Does this statement always true?(quotient ring)

Question

Statement

Let the ring $R$ and its ideal $I$ and $J$ s.t. $I\subset J$

Then there is a subring(or ideal) $R_J(\simeq R/J)$ of the $R/I$

There are 2 questions.

First) I'm not sure the above statement is right. If the above statement is correct, How could I prove it?

Second) Let's substitute as the normal groups $N_1$, $N_2$ and $G$(group) instead of the ideals $I$,$J$ and $R$(ring).

Then does it true when we considering the group case?
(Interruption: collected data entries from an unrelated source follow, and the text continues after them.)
Lemma two_rays_dilation F : LGG (two_rays q) F -> dilation_at_least (two_rays q) F (Q / 4).
Proof.
  intros HF.
  destruct (classic (forall i, (L <= i < m)%nat -> F (a i) (a (S i)))) as [Ha|Ha].
  2:{ apply not_all_ex_not in Ha as [i Hi]. apply imply_to_and in Hi as [Hi Hn].
      exact (a_missing_edge_dilation F i HF Hi Hn). }
  destruct (classic (forall i, (L <= i < m)%nat -> F (b i) (b (S i)))) as [Hb|Hb].
  2:{ apply not_all_ex_not in Hb as [i Hi]. apply imply_to_and in Hi as [Hi Hn].
      exact (b_missing_edge_dilation F i HF Hi Hn). }
  exact (both_rays_connected_dilation F HF Ha Hb).
Qed.

End TwoRays.

Theorem lemma6 :
  exists c : R, 0 < c /\
    forall N : nat, exists n : nat, (N <= n)%nat /\ (0 < n)%nat /\
      exists P : list point, NoDup P /\ length P = n /\
        forall F : point -> point -> Prop, LGG P F ->
          dilation_at_least P F (c * sqrt (INR n)).
Proof.
  exists (1 / 8). split; [lra|]. intros N.
  set (q := (N + 2)%nat).
  exists (2 * (q * q + 1))%nat. split; [nia|]. split; [lia|].
  exists (two_rays q). split; [apply two_rays_NoDup; lia|].
  split; [apply two_rays_length; lia|].
  intros F HF. apply dilation_at_least_le with (K := INR q / 4).
  - assert (HQ : 2 <= INR q) by (unfold q; rewrite plus_INR; simpl; pose proof (pos_INR N); lra).
    assert (sqrt (INR (2 * (q * q + 1))) <= 2 * INR q); [|lra].
    apply sqrt_le_of_le_sqr; [lra|].
    rewrite mult_INR, plus_INR, mult_INR. simpl. nra.
  - apply two_rays_dilation; [lia|exact HF].
Qed.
See this question https://math.stackexchange.com/questions/813978/correspondence-theorem-for-rings. This is a ring version of the correspondence theorem. — CardioidAss22, Jul 09 '19 at 11:33

score 1 · Accepted Answer · answered Jul 09 '19 at 12:39

First)

Not correct.

Surjective ringhomomorphism $\nu:R/I\to R/J$ prescribed by $r+I\mapsto r+J$ has kernel $J/I:=\{j+I\mid j\in J\}\subseteq R/I$.

Then $R/J$ and $(R/I)/(J/I)$ are isomorpic but $(R/I)/(J/I)$ is a quotient of $R/I$ is (not a subring or an ideal).

Second)

Yes, there is an analogy. Again we are dealing with a quotient then and not a subgroup.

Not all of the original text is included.